#### Exercise requirements:
Beginning with the opening line, set down each line of the material below exactly, stopping once the line with "(exists2 U, U \in P & v \in U) /\" is done.

#### The data:

(* For $p\in\mathbb{R}$ let $H_p:[0,\infty)^2\to[0,\infty)$ be $$H_p(r,t)=\frac{2}{p}\Big[\mathfrak{M}_1(r,t)-\mathfrak{M}_{1-p}(r,t)\Big]\ (p\neq 0),\qquad H_0(r,t)=r\ln r+t\ln t-(r+t)\ln\Big(\frac{r+t}{2}\Big)$$ (with $0\ln 0=0$). Then for every $p\in(-\infty,\tfrac12]\cup[1,+\infty)$ the function $\sqrt{H_p}$ is a metric on $[0,+\infty)$. For every $p\in(\tfrac12,1)$, $\sqrt{H_p}$ does not satisfy the triangle inequality on $[0,+\infty)$.
   Context: Power means: for $r,t\ge 0$ and $q\neq 0$, $\mathfrak{M}_q(r,t)=\big(\frac{r^q+t^q}{2}\big)^{1/q}$, except that $\mathfrak{M}_q(r,t)=0$ when $q<0$ and $r=0$ or $t=0$; $\mathfrak{M}_0(r,t)=\sqrt{rt}$. The function $H_p$ is the marginal perspective function $H_{U_p}$ induced by the power-like entropy $U_p(s)=\frac{1}{p(p-1)}(s^p-p(s-1)-1)$ ($p\neq0,1$), $U_1(s)=s\ln s-s+1$, $U_0(s)=s-1-\ln s$, i.e. the lower semicontinuous envelope of $(r,t)\mapsto\inf_{\theta>0}\big[tU_p(\theta/t)+rU_p(\theta/r)\big]$; the closed formula above is given. A function $D:[0,\infty)^2\to[0,\infty)$ is a metric on $[0,\infty)$ if $D(x,y)=0\iff x=y$, $D$ is symmetric, and $D(x,z)\le D(x,y)+D(y,z)$ for all $x,y,z$. *)

From Stdlib Require Import Reals Lra.
Open Scope R_scope.
(* Let $\mathcal V$ be a vector space partition of $\mathbb F_2^8$ such that $\dim(V)$ is even for all $V\in\mathcal V$. Then $\mathcal V$ has one of the types $[8^1]$, $[2^{64},6^1]$, or $[2^{5i},4^{17-i}]$ for some $0\le i\le17$. Moreover, vector space partitions of $\mathbb F_2^8$ of each of these types exist.
   Context: A vector space partition of $\mathbb F_2^n$ is a set of nonzero subspaces such that every nonzero vector lies in exactly one of them. It has type $[d_1^{n_1},\dots,d_k^{n_k}]$ (with $d_1<\dots<d_k$) if it contains exactly $n_i$ subspaces of dimension $d_i$ and no others. *)

From HB Require Import structures.
From mathcomp Require Import all_boot all_order all_algebra.
Set Implicit Arguments. Unset Strict Implicit. Unset Printing Implicit Defensive.
Import GRing.Theory.
Local Open Scope ring_scope.

Notation F2n n := 'rV['F_2]_n.

Definition vs_partition (n : nat) (P : seq {vspace F2n n}) : Prop :=
  [/\ uniq P,
      (forall U, U \in P -> U != 0%VS) &
      (forall v : F2n n, v != 0 ->
         (exists2 U, U \in P & v \in U) /\
         (forall U1 U2, U1 \in P -> U2 \in P -> v \in U1 -> v \in U2 -> U1 = U2))].

(* P has type [d_1^{n_1}, ..., d_k^{n_k}] given as list t of pairs (d_i, n_i):
   for each dimension d, the number of members of P of dimension d equals the
   listed multiplicity (0 if d is not listed). *)
Definition has_type (n : nat) (P : seq {vspace F2n n}) (t : seq (nat * nat)) : Prop :=
  forall d : nat, count (fun U => \dim U == d)%N P = (\sum_(p <- t | p.1 == d) p.2)%N.

(* Counting nonzero vectors gives sum_(U in P) (2^(dim U) - 1) = 2^8 - 1, and distinct
   members of P meet trivially, so any two of their dimensions add up to at most 8.
   With all dimensions in {2, 4, 6, 8} this leaves a single 8-space; one 6-space, which
   excludes further 6- and 4-spaces, and 64 planes; or 17 - i spaces of dimension 4 and
   5 i planes. For existence write F_2^8 = F_16^2: its 17 F_16-lines form a spread of
   4-spaces, each of which splits into its five F_4-lines, while the F_4-hyperplane
   F_16 x F_4 together with the 64 F_4-lines outside it has type [2^64, 6^1]. *)

From Stdlib Require PeanoNat.
From HB Require Import structures.
From mathcomp Require Import all_boot all_order all_algebra finfield zify.
Set Implicit Arguments. Unset Strict Implicit. Unset Printing Implicit Defensive.
Import GRing.Theory.

Lemma pairwise_perm (T : eqType) (r : rel T) (s1 s2 : seq T) :
  symmetric r -> perm_eq s1 s2 -> pairwise r s1 = pairwise r s2.
Proof.
move=> r_sym; have pairwise_rem x s : x \in s -> pairwise r s = pairwise r (x :: rem x s).
  elim: s => // y s IHs; rewrite inE /=; have [->|neq_yx] //= := eqVneq y x.
  move=> xs; rewrite IHs //= (perm_all _ (perm_to_rem xs)) /= (r_sym y x).
  by case: (r x y); case: (all (r x) _); case: (all (r y) _).
elim: s1 s2 => [|x s1 IHs1] s2 eq12; first by move: eq12; rewrite perm_sym => /perm_nilP ->.
have xs2 : x \in s2 by rewrite -(perm_mem eq12) mem_head.
have eq1r : perm_eq s1 (rem x s2).
  by rewrite -(perm_cons x) -(permPr (perm_to_rem xs2)).
by rewrite (pairwise_rem x s2 xs2) /= (IHs1 _ eq1r) (perm_all _ eq1r).
Qed.

Lemma pairwise_sym_neq (T : eqType) (r : rel T) (s : seq T) :
  symmetric r -> pairwise r s -> {in s &, forall x y, x != y -> r x y}.
Proof.
move=> r_sym pair_s; have: all2rel (fun x y => (x == y) || r x y) s.
  rewrite -pairwise_all2rel => [|x|x y]; last by rewrite eq_sym r_sym.
    by apply: sub_pairwise pair_s => x y /= ->; rewrite orbT.
  by rewrite eqxx.
by move/allrelP=> all2_s x y sx sy /negbTE neq_xy; have := all2_s x y sx sy; rewrite neq_xy.
Qed.

Lemma perm_tally_count (T : eqType) (S s : seq T) :
  uniq S -> {subset s <= S} ->
  perm_eq s (tally_seq [seq (x, count_mem x s) | x <- S]).
Proof.
move=> uS sS; apply/allP=> x _; apply/eqP.
rewrite /tally_seq count_flatten -!map_comp sumnE big_map.
under eq_bigr => y _ do rewrite /= count_nseq.
have [xS | xNS] := boolP (x \in S).
  rewrite (perm_big _ (perm_to_rem xS)) big_cons /= eqxx mul1n big1_seq ?addn0 //.
  by move=> y /andP[_]; rewrite mem_rem_uniq // => /andP[/negbTE /= ->].
rewrite big1_seq; first by apply/count_memPn; apply: contra xNS; apply: sS.
by move=> y /andP[_ yS] /=; case: eqP => // yx; rewrite -yx yS in xNS.
Qed.

Lemma pairwise_nseq (T : Type) (r : rel T) k x :
  pairwise r (nseq k x) = (k <= 1) || r x x.
Proof.
elim: k => // k IHk; rewrite [nseq _ _]/= pairwise_cons IHk all_nseq.
by case: (r x x); case: k {IHk} => [|[|k]].
Qed.

Lemma allrel_nseq (T S : Type) (r : T -> S -> bool) a b x y :
  allrel r (nseq a x) (nseq b y) = [|| a == 0, b == 0 | r x y].
Proof. by rewrite /allrel all_nseq /= all_nseq. Qed.
(* Let ${\mathbf a}_1,\dots,{\mathbf a}_m\in\mathbb{C}^n$ and let $\mathcal{A}:\mathbb{H}^{n\times n}\to\mathbb{R}^m$, $\mathcal{A}(X)=({\mathbf a}_1^*X{\mathbf a}_1,\dots,{\mathbf a}_m^*X{\mathbf a}_m)$. Let $k\ge1$ and $a>0$ be such that $ak$ is a positive integer, and suppose $\mathcal{A}$ satisfies the restricted isometry property of order $(2,2ak)$ with constants $c,C>0$ satisfying \[ c-\frac{4C}{\sqrt a}-\frac{C}{a}>0 . \] Let ${\mathbf x}_0\in\mathbb{C}^n$ be nonzero with $\|{\mathbf x}_0\|_0\le k$, let $\epsilon\ge 0$, and let ${\mathbf y}=\mathcal{A}({\mathbf x}_0{\mathbf x}_0^* )+{\mathbf w}$ with ${\mathbf w}\in\mathbb{R}^m$, $\|{\mathbf w}\|_2\le\epsilon$. Let ${\mathbf x}^\#$ be any solution of \[ \min_{{\mathbf x}\in\mathbb{C}^n}\|{\mathbf x}\|_1\quad\text{s.t.}\quad \|\mathcal{A}({\mathbf x}{\mathbf x}^* )-{\mathbf y}\|_2\le\epsilon . \] Then, with \[ C_1=\frac{\frac1a+\frac{4}{\sqrt a}+1}{c-\frac{4C}{\sqrt a}-\frac{C}{a}}, \] we have \[ \|{\mathbf x}^\#({\mathbf x}^\#)^*-{\mathbf x}_0{\mathbf x}_0^*\|_F\le C_1\frac{2\epsilon}{\sqrt m}, \] and \[ \min_{\gamma\in\mathbb{C},|\gamma|=1}\|\gamma{\mathbf x}^\#-{\mathbf x}_0\|_2\le\min\Big\{\frac{2\sqrt2\,C_1\,\epsilon}{\sqrt m\,\|{\mathbf x}_0\|_2},\; 2\sqrt{2\sqrt2\,C_1}\,\sqrt{\epsilon}\,(n/m)^{1/4}\Big\}. \]
   Context: $\mathbb{H}^{n\times n}$ denotes the set of $n\times n$ complex Hermitian matrices. $\|{\mathbf x}\|_0$ is the number of nonzero entries of ${\mathbf x}$. $\|X\|_{0,2}$ denotes the number of nonzero rows of $X$. $\|X\|_F$ is the Frobenius norm. A linear map $\mathcal{A}:\mathbb{H}^{n\times n}\to\mathbb{R}^m$ satisfies the restricted isometry property of order $(r,k)$ with constants $0<c\le C$ if $c\|X\|_F\le \frac1m\|\mathcal{A}(X)\|_1\le C\|X\|_F$ for all $X\in\mathbb{H}^{n\times n}$ with $\operatorname{rank}(X)\le r$ and $\|X\|_{0,2}\le k$. *)

(* complex numbers as an arbitrary numClosedFieldType C
   (e.g. algC); real quantities are elements of C with Num.real. *)
From HB Require Import structures.
From mathcomp Require Import all_boot all_order all_algebra.
Set Implicit Arguments. Unset Strict Implicit. Unset Printing Implicit Defensive.
Import Order.TTheory GRing.Theory Num.Theory.
Local Open Scope ring_scope.

Section Defs.
Variable C : numClosedFieldType.

Definition adjmx (p q : nat) (X : 'M[C]_(p, q)) : 'M[C]_(q, p) :=
  map_mx Num.conj X^T.

Definition hermitian (n : nat) (X : 'M[C]_n) : Prop := adjmx X = X.

Definition l0norm (n : nat) (x : 'cV[C]_n) : nat := #|[set i | x i 0 != 0]|.

Definition nzrows (n : nat) (X : 'M[C]_n) : nat := #|[set i | row i X != 0]|.
Definition mult_k (m1 m2 k : nat) : nat := if Nat.odd k then m1 else m2.

(* Euclidean shape operator of M_x at x in direction xi, restricted to E_k:
   A_xi|E_k = < xi , - alpha_k / <x, alpha_k> > Id.  Its eigenvalue: *)
Definition shapeE_eig (g : nat) (x xi : cplx) (k : nat) : R :=
  cinner xi (cscale (- / cinner x (alpha_k g k)) (alpha_k g k)).

(* M_x lies in the sphere S^{n+1}(|x|); its unit normal in that sphere at x
   is the unit vector of nu_{x0}M orthogonal to x, namely i x/|x|.
   The shape operator A^S(x) of M_x as a hypersurface of S^{n+1}(|x|) is the
   Euclidean shape operator in this direction; it acts on E_k (dim m_k) as
   the scalar shapeE_eig g x (i x/|x|) k. *)
Definition sphere_normal (x : cplx) : cplx := cscale (/ cnorm x) (cmul_i x).

Definition shapeS_eig (g : nat) (x : cplx) (k : nat) : R :=
  shapeE_eig g x (sphere_normal x) k.

(* ||A^S(x)||^2 : squared Hilbert-Schmidt norm (one unit normal) =
   sum_k m_k * (eigenvalue on E_k)^2 *)
Definition normAS2 (g m1 m2 : nat) (x : cplx) : R :=
  sum1 g (fun k => INR (mult_k m1 m2 k) * (shapeS_eig g x k) ^ 2).

(* H^S(x) = (trace A^S(x)) * unit normal, hence
   ||H^S(x)||^2 = (sum_k m_k * eigenvalue on E_k)^2 *)
Definition normHS2 (g m1 m2 : nat) (x : cplx) : R :=
  (sum1 g (fun k => INR (mult_k m1 m2 k) * shapeS_eig g x k)) ^ 2.

Definition delta (g m1 m2 : nat) : R :=
  if (2 <=? g)%nat then (INR m2 - INR m1) / (INR m2 + INR m1) else 0.

Definition iso_data (g m1 m2 n : nat) : Prop :=
  (g = 1 \/ g = 2 \/ g = 3 \/ g = 4 \/ g = 6)%nat /\
  (1 <= m1)%nat /\ (m1 <= m2)%nat /\
  (Nat.odd g = true -> m1 = m2) /\
  ((m1 + m2) * g = 2 * n)%nat.

(* On E_k the shape operator of M_x in S^{n+1}(r) is multiplication by
   -cot(theta - k pi/g)/r.  The cotangents over a full period of angles
   psi - j pi/h (j = 1..h) satisfy  sum cot = h cot(h psi)  and
   sum cot^2 = h^2 (1 + cot^2(h psi)) - h.  For odd g all multiplicities are
   equal and these sums apply with h = g.  For g = 2h the even-indexed and the
   odd-indexed directions each form such a period, the odd ones shifted by
   pi/g, which turns cot(h theta) into -tan(h theta).  Both identities are then
   rational identities in w = cot(h theta). *)

From Stdlib Require Import Reals Lra Lia.
Open Scope R_scope.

#### Exercise response:
(* For $p\in\mathbb{R}$ let $H_p:[0,\infty)^2\to[0,\infty)$ be $$H_p(r,t)=\frac{2}{p}\Big[\mathfrak{M}_1(r,t)-\mathfrak{M}_{1-p}(r,t)\Big]\ (p\neq 0),\qquad H_0(r,t)=r\ln r+t\ln t-(r+t)\ln\Big(\frac{r+t}{2}\Big)$$ (with $0\ln 0=0$). Then for every $p\in(-\infty,\tfrac12]\cup[1,+\infty)$ the function $\sqrt{H_p}$ is a metric on $[0,+\infty)$. For every $p\in(\tfrac12,1)$, $\sqrt{H_p}$ does not satisfy the triangle inequality on $[0,+\infty)$.
   Context: Power means: for $r,t\ge 0$ and $q\neq 0$, $\mathfrak{M}_q(r,t)=\big(\frac{r^q+t^q}{2}\big)^{1/q}$, except that $\mathfrak{M}_q(r,t)=0$ when $q<0$ and $r=0$ or $t=0$; $\mathfrak{M}_0(r,t)=\sqrt{rt}$. The function $H_p$ is the marginal perspective function $H_{U_p}$ induced by the power-like entropy $U_p(s)=\frac{1}{p(p-1)}(s^p-p(s-1)-1)$ ($p\neq0,1$), $U_1(s)=s\ln s-s+1$, $U_0(s)=s-1-\ln s$, i.e. the lower semicontinuous envelope of $(r,t)\mapsto\inf_{\theta>0}\big[tU_p(\theta/t)+rU_p(\theta/r)\big]$; the closed formula above is given. A function $D:[0,\infty)^2\to[0,\infty)$ is a metric on $[0,\infty)$ if $D(x,y)=0\iff x=y$, $D$ is symmetric, and $D(x,z)\le D(x,y)+D(y,z)$ for all $x,y,z$. *)

From Stdlib Require Import Reals Lra.
Open Scope R_scope.
(* Let $\mathcal V$ be a vector space partition of $\mathbb F_2^8$ such that $\dim(V)$ is even for all $V\in\mathcal V$. Then $\mathcal V$ has one of the types $[8^1]$, $[2^{64},6^1]$, or $[2^{5i},4^{17-i}]$ for some $0\le i\le17$. Moreover, vector space partitions of $\mathbb F_2^8$ of each of these types exist.
   Context: A vector space partition of $\mathbb F_2^n$ is a set of nonzero subspaces such that every nonzero vector lies in exactly one of them. It has type $[d_1^{n_1},\dots,d_k^{n_k}]$ (with $d_1<\dots<d_k$) if it contains exactly $n_i$ subspaces of dimension $d_i$ and no others. *)

From HB Require Import structures.
From mathcomp Require Import all_boot all_order all_algebra.
Set Implicit Arguments. Unset Strict Implicit. Unset Printing Implicit Defensive.
Import GRing.Theory.
Local Open Scope ring_scope.

Notation F2n n := 'rV['F_2]_n.

Definition vs_partition (n : nat) (P : seq {vspace F2n n}) : Prop :=
  [/\ uniq P,
      (forall U, U \in P -> U != 0%VS) &
      (forall v : F2n n, v != 0 ->
         (exists2 U, U \in P & v \in U) /\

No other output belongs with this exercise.